Gazze Hükümeti: Katil İsrail 7 Ekim'den Bu Yana 81 Bin Ton Patlayıcı Kullandı

Gazze Şeridi'ndeki hükümet, katil İsrail güçlerinin Gazze'de 7 Ekim 2023'ten bu yana sürdürdüğü saldırılarda 3 bin 408 katliam gerçekleştirdiğini ve 81 bin ton patlayıcı kullandığını açıkladı.

Gazze'deki hükümetin Medya Ofisi'nden yapılan yazılı açıklamada, katil İsrail'in Gazze Şeridi'ndeki saldırılarına ilişkin son verilere yer verildi.

Açıklamaya göre, katil İsrail güçleri Gazze'de 285 "soykırım" saldırısı gerçekleştirdi, 3 bin 408 katliam yaptı.

Katil İsrail'in 7 Ekim'den bu yana devam saldırılarının Gazze'de meydana getirdiği yıkımın toplam maliyeti 33 milyar dolara ulaştı.

38 bin 848 kişi öldü, 89 bin 459 kişi yaralandı

Katil İsrail'in 7 Ekim'den bu yana Gazze'ye düzenlediği saldırılarda 38 bin 848 kişi öldü, 89 bin 459 kişi yaralandı. 10 bin kişi ise hala kayıp.

Saldırılarda yaşamını yitirenlerin 16 bin 172'si çocuk, 10 bin 798'si kadınlardan oluşuyor.
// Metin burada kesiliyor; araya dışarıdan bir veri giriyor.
(* Let $\alpha=(\alpha_\pi)_{\pi\in\mathcal P}$ and $\beta=(\beta_\pi)_{\pi\in\mathcal P}$ be admissible families of weights. Then $\alpha=\beta$ if and only if $\alpha_\sigma=\beta_\sigma$ for every partition $\sigma\in\mathcal P(\mathbf f)$ with exactly two blocks and $\mathbf f\in\mathcal F^n$, $n\le 4$.
   Context: Fix a finite set $\mathcal F$ of faces. For a word $\mathbf f\in\mathcal F^n$ ($n\ge1$), $[n]_{\mathbf f}$ is $\{1,\dots,n\}$ with faces $\ell\mapsto\mathbf f(\ell)$ (elements are called legs); $\mathcal P(\mathbf f)$ is the set of set partitions of $[n]$, viewed with these faces, and $\mathcal P=\bigcup_{\mathbf f}\mathcal P(\mathbf f)$. A finite totally ordered set $S$ with a face map is identified with $[m]_{|S|}$ through the order-preserving bijection ($|S|$ = word of faces read in order), so partitions of such sets are elements of $\mathcal P$. $1_{\mathbf f}$ is the one-block partition. For blocks $\beta_1\ne\beta_2$ of $\pi$, $\pi_{\beta_1\smile\beta_2}=(\pi\setminus\{\beta_1,\beta_2\})\cup\{\beta_1\cup\beta_2\}$, and $\{\beta_1,\beta_2\}$ is regarded as a partition of the multi-faced set $\beta_1\cup\beta_2$. Reduction: for $\pi\in\mathcal P(\mathbf f)$ let $s\sim t$ ($s\le t$) iff all $r\in[s,t]$ have the same face and lie in the same block; $\pi_{\mathrm{red}}$ is the induced partition of the quotient $[n]/\sim$ (classes are intervals, ordered naturally, with their common face). Mirror: $\overline{\mathbf f}(i)=\mathbf f(n+1-i)$, $\overline\pi=\{\{n+1-i:i\in\beta\}:\beta\in\pi\}\in\mathcal P(\overline{\mathbf f})$. A family $\alpha=(\alpha_\pi)_{\pi\in\mathcal P}$ of complex numbers is admissible if: (i) $\alpha_{1_{\mathbf f}}=1$ for all $\mathbf f$; (ii) $\alpha_{\{\{1\},\{2\}\}}=1$ for every $\mathbf f\in\mathcal F^2$; (iii) $\alpha_\pi=\alpha_{\pi_{\mathrm{red}}}$; (iv) if $\pi\in\mathcal P(\mathbf f)$ has blocks $\beta_1\ne\beta_2$ with $i\in\beta_1$, $i+1\in\beta_2$, $\mathbf f(i)=\mathbf f(i+1)$, then $\alpha_\pi=\alpha_{\pi_{\beta_1\smile\beta_2}}\alpha_{\{\beta_1,\beta_2\}}$; (v) $\alpha_\pi=\alpha_\sigma$ whenever $\pi\in\mathcal P(\mathbf f)$, $\sigma\in\mathcal P(\mathbf g)$ have the same underlying set partition of $[n]$ and $\mathbf f(\ell)=\mathbf g(\ell)$ for $1<\ell<n$; (vi) $\alpha_{\overline\pi}=\overline{\alpha_\pi}$. *)

From mathcomp Require Import all_boot all_order all_algebra.
Set Implicit Arguments. Unset Strict Implicit. Unset Printing Implicit Defensive.
Import Order.TTheory GRing.Theory Num.Theory.

(* Legs of [n] are 'I_n (0-indexed: leg l corresponds to paper's l+1).
   A set partition of [n] is a pi : {set {set 'I_n}} with
   partition pi [set: 'I_n] (mathcomp: blocks nonempty, disjoint, covering). *)

(* A family of weights: for every n, word f and set partition pi of [n]_f,
   a number alpha n f pi.  Values on non-partitions are irrelevant. *)
Definition weight_family (F : finType) (C : Type) :=
  forall n : nat, {ffun 'I_n -> F} -> {set {set 'I_n}} -> C.

Section Defs.
Variables (F : finType).

(* A subset S of [n], ordered naturally, identified with [#|S|] through the
   order-preserving bijection enum_val (enum S lists S increasingly). *)
Definition sub_word n (f : {ffun 'I_n -> F}) (S : {set 'I_n})
  : {ffun 'I_#|S| -> F} := [ffun j => f (enum_val j)].

Definition sub_part n (S : {set 'I_n}) (P : {set {set 'I_n}})
  : {set {set 'I_#|S|}} :=
  [set [set j : 'I_#|S| | enum_val j \in B] | B : {set 'I_n} in [set B in P | B :&: S != set0]].

Definition one_part n : {set {set 'I_n}} := [set [set: 'I_n]].

Definition merge n (pi : {set {set 'I_n}}) (b1 b2 : {set 'I_n}) :=
  ((pi :\ b1) :\ b2) :|: [set b1 :|: b2].

Definition linked n (f : {ffun 'I_n -> F}) (pi : {set {set 'I_n}}) (i j : 'I_n) :=
  (f i == f j) && (pblock pi i == pblock pi j).

(* Leftmost representatives of the ~-classes (classes are the maximal
   intervals of consecutive legs with equal face lying in one block). *)
Definition red_reps n (f : {ffun 'I_n -> F}) (pi : {set {set 'I_n}}) : {set 'I_n} :=
  [set s : 'I_n | [forall t : 'I_n, (t.+1 == s :> nat) ==> ~~ linked f pi t s]].

(* pi_red as a partition of the quotient [n]/~ (identified with the ordered
   set of class representatives) together with its word *)
Definition red_word n (f : {ffun 'I_n -> F}) (pi : {set {set 'I_n}}) :=
  sub_word f (red_reps f pi).
Definition red_part n (f : {ffun 'I_n -> F}) (pi : {set {set 'I_n}}) :=
  sub_part (red_reps f pi) pi.

Definition mirror_word n (f : {ffun 'I_n -> F}) : {ffun 'I_n -> F} :=
  [ffun i => f (rev_ord i)].
Definition mirror_part n (pi : {set {set 'I_n}}) : {set {set 'I_n}} :=
  [set (@rev_ord n) @: B | B : {set 'I_n} in pi].

Definition admissible (C : numClosedFieldType) (alpha : weight_family F C) : Prop :=
  (* (i) *)
  (forall n (f : {ffun 'I_n -> F}), 0 < n -> alpha n f (one_part n) = 1%R) /\
  (* (ii) *)
  (forall f : {ffun 'I_2 -> F}, alpha 2 f [set [set i] | i : 'I_2] = 1%R) /\
  (* (iii) *)
  (forall n (f : {ffun 'I_n -> F}) (pi : {set {set 'I_n}}),
      0 < n -> partition pi [set: 'I_n] ->
      alpha n f pi = alpha _ (red_word f pi) (red_part f pi)) /\
  (* (iv) *)
  (forall n (f : {ffun 'I_n -> F}) (pi : {set {set 'I_n}}) (b1 b2 : {set 'I_n})
          (i j : 'I_n),
      0 < n -> partition pi [set: 'I_n] ->
      b1 \in pi -> b2 \in pi -> b1 != b2 ->
      i \in b1 -> j \in b2 -> j = i.+1 :> nat -> f i = f j ->
      alpha n f pi =
        (alpha n f (merge pi b1 b2) *
         alpha _ (sub_word f (b1 :|: b2)) (sub_part (b1 :|: b2) [set b1; b2]))%R) /\
  (* (v) *)
  (forall n (f g : {ffun 'I_n -> F}) (pi : {set {set 'I_n}}),
      0 < n -> partition pi [set: 'I_n] ->
      (forall l : 'I_n, 0 < l < n.-1 -> f l = g l) ->
      alpha n f pi = alpha n g pi) /\
  (* (vi) *)
  (forall n (f : {ffun 'I_n -> F}) (pi : {set {set 'I_n}}),
      0 < n -> partition pi [set: 'I_n] ->
      alpha n (mirror_word f) (mirror_part pi) = (alpha n f pi)^*%R).

(* equality of families as families indexed by P = U_f P(f), n >= 1 *)
Definition fam_eq (C : Type) (alpha beta : weight_family F C) : Prop :=
  forall n (f : {ffun 'I_n -> F}) (pi : {set {set 'I_n}}),
    0 < n -> partition pi [set: 'I_n] -> alpha n f pi = beta n f pi.

End Defs.

From Pilot Require Import Defs.
From mathcomp Require Import all_boot all_order all_algebra zify.
Import GRing.Theory.

(* Encode a word with a set partition as a list of legs.  Axioms (iii)-(v)
   become local moves on such lists: the faces of the end legs are
   irrelevant, equal adjacent legs can be merged, and at two adjacent legs
   with equal faces in different blocks the weight factors as (weight with the
   two blocks merged) * (weight of the two-block restriction).  Agreement then
   spreads from the small two-block partitions by induction on the length and
   the number of blocks.  With three or more blocks, give the first leg the
   face of the second and factor there: one factor has fewer blocks, the other
   is shorter because a third block is dropped.  With two blocks and at least
   five legs, some block occurs twice after the first two legs; cutting it at
   the first of these occurrences into a fresh block keeps the weight, since
   the factor produced by the cut is a two-block weight equal to 1 by (ii),
   and factoring at the first two legs then yields two shorter lists. *)

(** * Set partitions *)

Lemma eq_preim_partition {T : finType} {rT rT' : eqType} (f : T -> rT) (f' : T -> rT')
    (D : {set T}) :
  (forall x y, (f x == f y) = (f' x == f' y)) -> preim_partition f D = preim_partition f' D.
Proof. by move=> ff'; apply: eq_imset => x; apply/setP => y; rewrite !inE ff'. Qed.

Lemma size_undup_map_in {T1 T2 : eqType} (f : T1 -> T2) (s : seq T1) :
  {in s &, injective f} -> size (undup (map f s)) = size (undup s).
Proof.
move=> f_inj; rewrite -(size_map f (undup s)); apply/perm_size/uniq_perm.
- exact: undup_uniq.
- by rewrite map_inj_in_uniq ?undup_uniq // => x y; rewrite !mem_undup; apply: f_inj.
- move=> y; rewrite mem_undup.
  by apply/mapP/mapP => -[x xs ->]; exists x; rewrite ?mem_undup in xs *.
Qed.

Lemma card_preim_partition {T : finType} {rT : eqType} (f : T -> rT) :
  #|preim_partition f [set: T]| = size (undup (map f (enum T))).
Proof.
pose fiber y := [set x | y == f x].
have -> : preim_partition f [set: T] = [set fiber (f x) | x in [set: T]].
  by apply: eq_imset => x; apply/setP => y; rewrite !inE.
rewrite imset_card -(eq_card (mem_undup _)) (card_uniqP (undup_uniq _)).
rewrite /image_mem (map_comp fiber f) size_undup_map_in; last first.
  by move=> _ b /mapP[x _ ->] _ /setP/(_ x); rewrite !inE eqxx => /esym/eqP.
by congr (size (undup (map f _))); apply: eq_enum => x; rewrite inE.
Qed.

Lemma preim_partition_id n :
  preim_partition (@id 'I_n) [set: 'I_n] = [set [set i] | i : 'I_n].
Proof.
apply/setP => B; apply/imsetP/imsetP => -[i _ ->]; exists i => //.
all: by apply/setP => j; rewrite !inE eq_sym.
Qed.

Lemma sub_part_pblock {n} (P : {set {set 'I_n}}) (S : {set 'I_n}) :
  partition P [set: 'I_n] ->
  sub_part S P = preim_partition (fun j : 'I_#|S| => pblock P (enum_val j)) [set: 'I_#|S|].
Proof.
case/and3P=> /eqP coverP tiP _; have inP x : x \in cover P by rewrite coverP inE.
apply/setP => X; apply/imsetP/imsetP => [[B]|[j _ ->]].
  rewrite inE => /andP[PB /set0Pn[x /setIP[Bx Sx]]] ->.
  exists (enum_rank_in Sx x) => //; apply/setP => j.
  by rewrite !inE enum_rankK_in // -(def_pblock tiP PB Bx) eq_pblock ?inP.
exists (pblock P (enum_val j)).
  rewrite inE pblock_mem //=; apply/set0Pn; exists (enum_val j).
  by rewrite inE mem_pblock inP enum_valP.
by apply/setP => j'; rewrite !inE eq_pblock ?inP.
Qed.

Lemma sub_part_subset {n} (P Q : {set {set 'I_n}}) (S : {set 'I_n}) :
  trivIset P -> Q \subset P -> S \subset cover Q -> sub_part S Q = sub_part S P.
Proof.
move=> tiP sQP sSQ; rewrite /sub_part.
suff -> : [set B in Q | B :&: S != set0] = [set B in P | B :&: S != set0] by [].
apply/setP => B; rewrite !inE.
apply/andP/andP => -[QB SB]; split=> //; first exact: (subsetP sQP).
have /set0Pn[x /setIP[Bx /(subsetP sSQ)/bigcupP[B' QB' B'x]]] := SB.
by rewrite -(def_pblock tiP QB Bx) (def_pblock tiP (subsetP sQP _ QB') B'x).
Qed.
Hayatını kaybeden çocuk ve kadınlar toplam ölü sayısının yüzde 70'ini oluşturuyor.

Katil İsrail güçlerinin saldırıların yanı sıra bölgeye insani yardım girişine izin vermemesi sonucu 34 kişi açlıktan hayatını kaybetti.

Saldırılarda 500 sağlık görevlisi, 79 Sivil Savunma görevlisi ve 160 gazeteci yaşamını yitirdi.

Filistinlilerin sığındığı 162 barınma merkezi hedef alındı

Katil İsrail güçlerinin baskın düzenlediği hastanelerde bulunan 7 toplu mezardan şu ana kadar 520 Filistinlinin cansız bedeni çıkarıldı.

Katil İsrail güçleri yerinden edilmiş Filistinlilerin sığındığı 162 barınma merkezini hedef aldı.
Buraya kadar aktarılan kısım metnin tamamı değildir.